Through chance meetings in the piazza and at Marco and Arnaldo’s wine dinners and tastings, we’ve met other expats like us, though generally they are new and we’ve been around so long by now that we feel that metaphorical taproot probing down among the Etruscan middens. My former attitude—we’re here to be only among Europeans—was provincial. Our connection with other settlers complements the primary experience. I am yet to meet someone who is here by lucky choice who does not
get it
.
There is a group of other Americans, mostly painters and photographers, who don’t live here but out of love for the place return every year. They, too, have their circles of friends and habits of work. One woman, Anna, a great reader, lives for a couple of months a year in one of the convents where the nuns dote on her. Another, Robin, who has a beauty like a thirties film star, comes in for a few weeks, dazzles us with her photographs, and suddenly is gone. I watch for the artists painting watercolor landscapes in the hills around town and sympathetically inhabit their perches overlooking cypress lanes with columns of light and half-melon domes punctuating a vista of olive groves.
Is it too late to take painting classes?
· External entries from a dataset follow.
Lemma clear_piece_DC_graph n : DC_graph (clear_piece_of_index n).
Proof.
  unfold clear_piece_of_index, clear_piece.
  destruct (Cantor.of_nat n) as [n1 m], (Cantor.of_nat m) as [n2 n3].
  destruct excluded_middle_informative as [Hclear|_]; [|apply DC_graph_singleton].
  apply DC_graph_of_graph; [apply Hclear | apply highest_below_DCR, Hclear].
Qed.

Lemma S_eq_union_clear_pieces p : S p <-> exists n, clear_piece_of_index n p.
Proof.
  unfold clear_piece_of_index, clear_piece. split.
  - intro Hp. destruct (S_covered_by_clear_levels p Hp) as [n1 [n2 [n3 [Hclear Hgraph]]]].
    exists (Cantor.to_nat (n1, Cantor.to_nat (n2, n3))). rewrite !Cantor.cancel_of_to.
    destruct excluded_middle_informative; [exact Hgraph | contradiction].
  - intros [n Hn]. destruct (Cantor.of_nat n) as [n1 m], (Cantor.of_nat m) as [n2 n3].
    destruct excluded_middle_informative as [[_ [Hex _]]|_]; [|rewrite Hn; exact S_p0].
    destruct p as [x y], Hn as [Hx Hy]. simpl in *. subst y.
    apply (highest_below_spec (qn n3) x (Hex x Hx)).
Qed.

End Covering.

Theorem corollary5p4 (S : R * R -> Prop) :
  s_set S ->
  exists P : nat -> (R * R -> Prop),
    (forall n, DC_graph (P n)) /\
    (forall p, S p <-> exists n, P n p).
Proof.
  intros [[p0 Hp0] [Hclosed [r [_ [[k [f [Hf Hcover]]] [Hfam [Hfam_cont HS]]]]]]].
  destruct (DC_extensions_choice (Icc 0 r) k f (fun i Hi => proj1 (Hf i Hi))) as [F HF].
  assert (S_in_graphs : forall p, S p ->
            0 <= fst p <= r /\ exists i, (i < k)%nat /\ snd p = F i (fst p)).
  { intros p Hp. destruct (Hcover p Hp) as [i [Hi [Hx Ei]]].
    split; [exact Hx|]. exists i. split; [exact Hi|]. rewrite Ei. apply HF; assumption. }
  assert (S_through : forall p, S p -> exists h, continuous_on_Icc 0 r h /\
            h (fst p) = snd p /\ forall y, 0 <= y <= r -> S (y, h y)).
  { intros p Hp. destruct (proj1 (HS p) Hp) as [h [Hh [_ Ep]]].
    exists h. split; [apply Hfam_cont, Hh|]. split; [symmetry; exact Ep|].
    intros y Hy. apply HS. exists h. split; [exact Hh|]. split; [exact Hy | reflexivity]. }
  assert (F_DC : forall i, (i < k)%nat -> DC_R (F i)) by (intros; apply HF; assumption).
  exists (clear_piece_of_index S r p0). split.
  - intro n. apply (clear_piece_DC_graph S r k F); assumption.
  - intro p. apply (S_eq_union_clear_pieces S r k F); assumption.
Qed.
(* Let $\hat v\in\{0,1\}^{\mathcal T}$ be the indicator vector of a proper triple set. Then the optimal objective value of the linear program $\mathrm{D}(\hat v)$ lies in the interval $[-\eta,0]$, where $\eta=-\sum_{i=1}^m\min(0,\alpha_i)$ and $\mathrm{D}(\hat v)$ is: maximize $-\sum_{t\in\mathcal T}\big[(1-\hat v_t)(\lambda_{t,1}+\lambda_{t,2})+(2-\hat v_t)\lambda_{t,3}\big]-\sum_{J\in\mathcal N}\mu_J$ over $\lambda_{t,1},\lambda_{t,2},\lambda_{t,3}\ge0$ ($t\in\mathcal T$) and $\mu_J\ge 0$ ($J\in\mathcal N$), subject to, for every $J\in\mathcal N$, $\beta_J+\sum_{t:\mathsf{tail1}(t)=J}(-\lambda_{t,1}+\lambda_{t,3})+\sum_{t:\mathsf{tail2}(t)=J}(-\lambda_{t,2}+\lambda_{t,3})+\sum_{t:\mathsf{head}(t)=J}(\lambda_{t,1}+\lambda_{t,2}-\lambda_{t,3})+\mu_J\ge 0.$
   Context: A multilinear program has data $n,m$, coefficients $\alpha_i\in\mathbb{R}$ and nonempty index sets $J_i\subseteq[n]$. Let $\mathcal N=\bigcup_i\{J:\emptyset\ne J\subseteq J_i\}$ and $\beta_J=\sum_{i:J_i=J}\alpha_i$ for $J\in\mathcal N$. A triple is $t=(J,J',J'')$ with $J''\in\mathcal N$, $|J''|\ge2$, $J,J'$ nonempty, disjoint, $J\cup J'=J''$, listed with $J,J'$ in lexicographic order; $\mathsf{tail1}(t)=J$, $\mathsf{tail2}(t)=J'$, $\mathsf{head}(t)=J''$; $\mathcal T$ is the set of all triples. A proper triple set is a set $T\subseteq\mathcal T$ containing a subset $T'$ such that (1) every $J_i$ with $|J_i|>1$ is the head of some triple in $T'$, and (2) whenever a set $J$ with $|J|>1$ is the first or second element of a triple in $T'$, $J$ is the head of a different triple in $T'$; its indicator vector has $\hat v_t=1$ iff $t\in T$. $\mathrm{D}(\hat v)$ is the LP dual of the McCormick relaxation $\min\sum_J\beta_Jy_J$ over $y\in[0,1]^{\mathcal N}$ subject to $y_{J''}-y_J\le1-\hat v_t$, $y_{J''}-y_{J'}\le1-\hat v_t$, $y_J+y_{J'}-y_{J''}\le2-\hat v_t$ for all $t=(J,J',J'')\in\mathcal T$ (with $\lambda_{t,1},\lambda_{t,2},\lambda_{t,3}$ the multipliers of these three inequalities and $\mu_J$ that of $y_J\le1$). *)

From HB Require Import structures.
From mathcomp Require Import all_boot all_order all_algebra.
From mathcomp Require Import reals.
Set Implicit Arguments. Unset Strict Implicit. Unset Printing Implicit Defensive.
Import Order.TTheory GRing.Theory Num.Theory.
Local Open Scope ring_scope.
Candace, teach me how to daub that lavender light behind your three white jars. No, not white—I see subtle cream streaks and gray undertones (so pure with the lavender). How? By staring long at Morandi’s pure forms?
Do these artists feel themselves under your protective cloak, Luca?
Up at the Alfonsos’ house, every day after lunch, Alberto, Carlos, and several of the children retire to private outdoor spots and sketch or paint. Carlos sometimes gets up at dawn and goes out photographing that delicious silvery light on the olives and architectural fragments. Albert Joseph, Alberto and Susan’s son, at age eleven tries out the geometric style of Gino Severini, the Futurist painter who was born in Cortona. Olivia, their fourteen-year-old, brings me a sunflower she has painted. The face almost fills the paper and, yes, it feels
crazed with light
. I prop it over my desk for inspiration. If I knew where Luca is buried, I would leave it on his stone.
See, Luca, your legacy
.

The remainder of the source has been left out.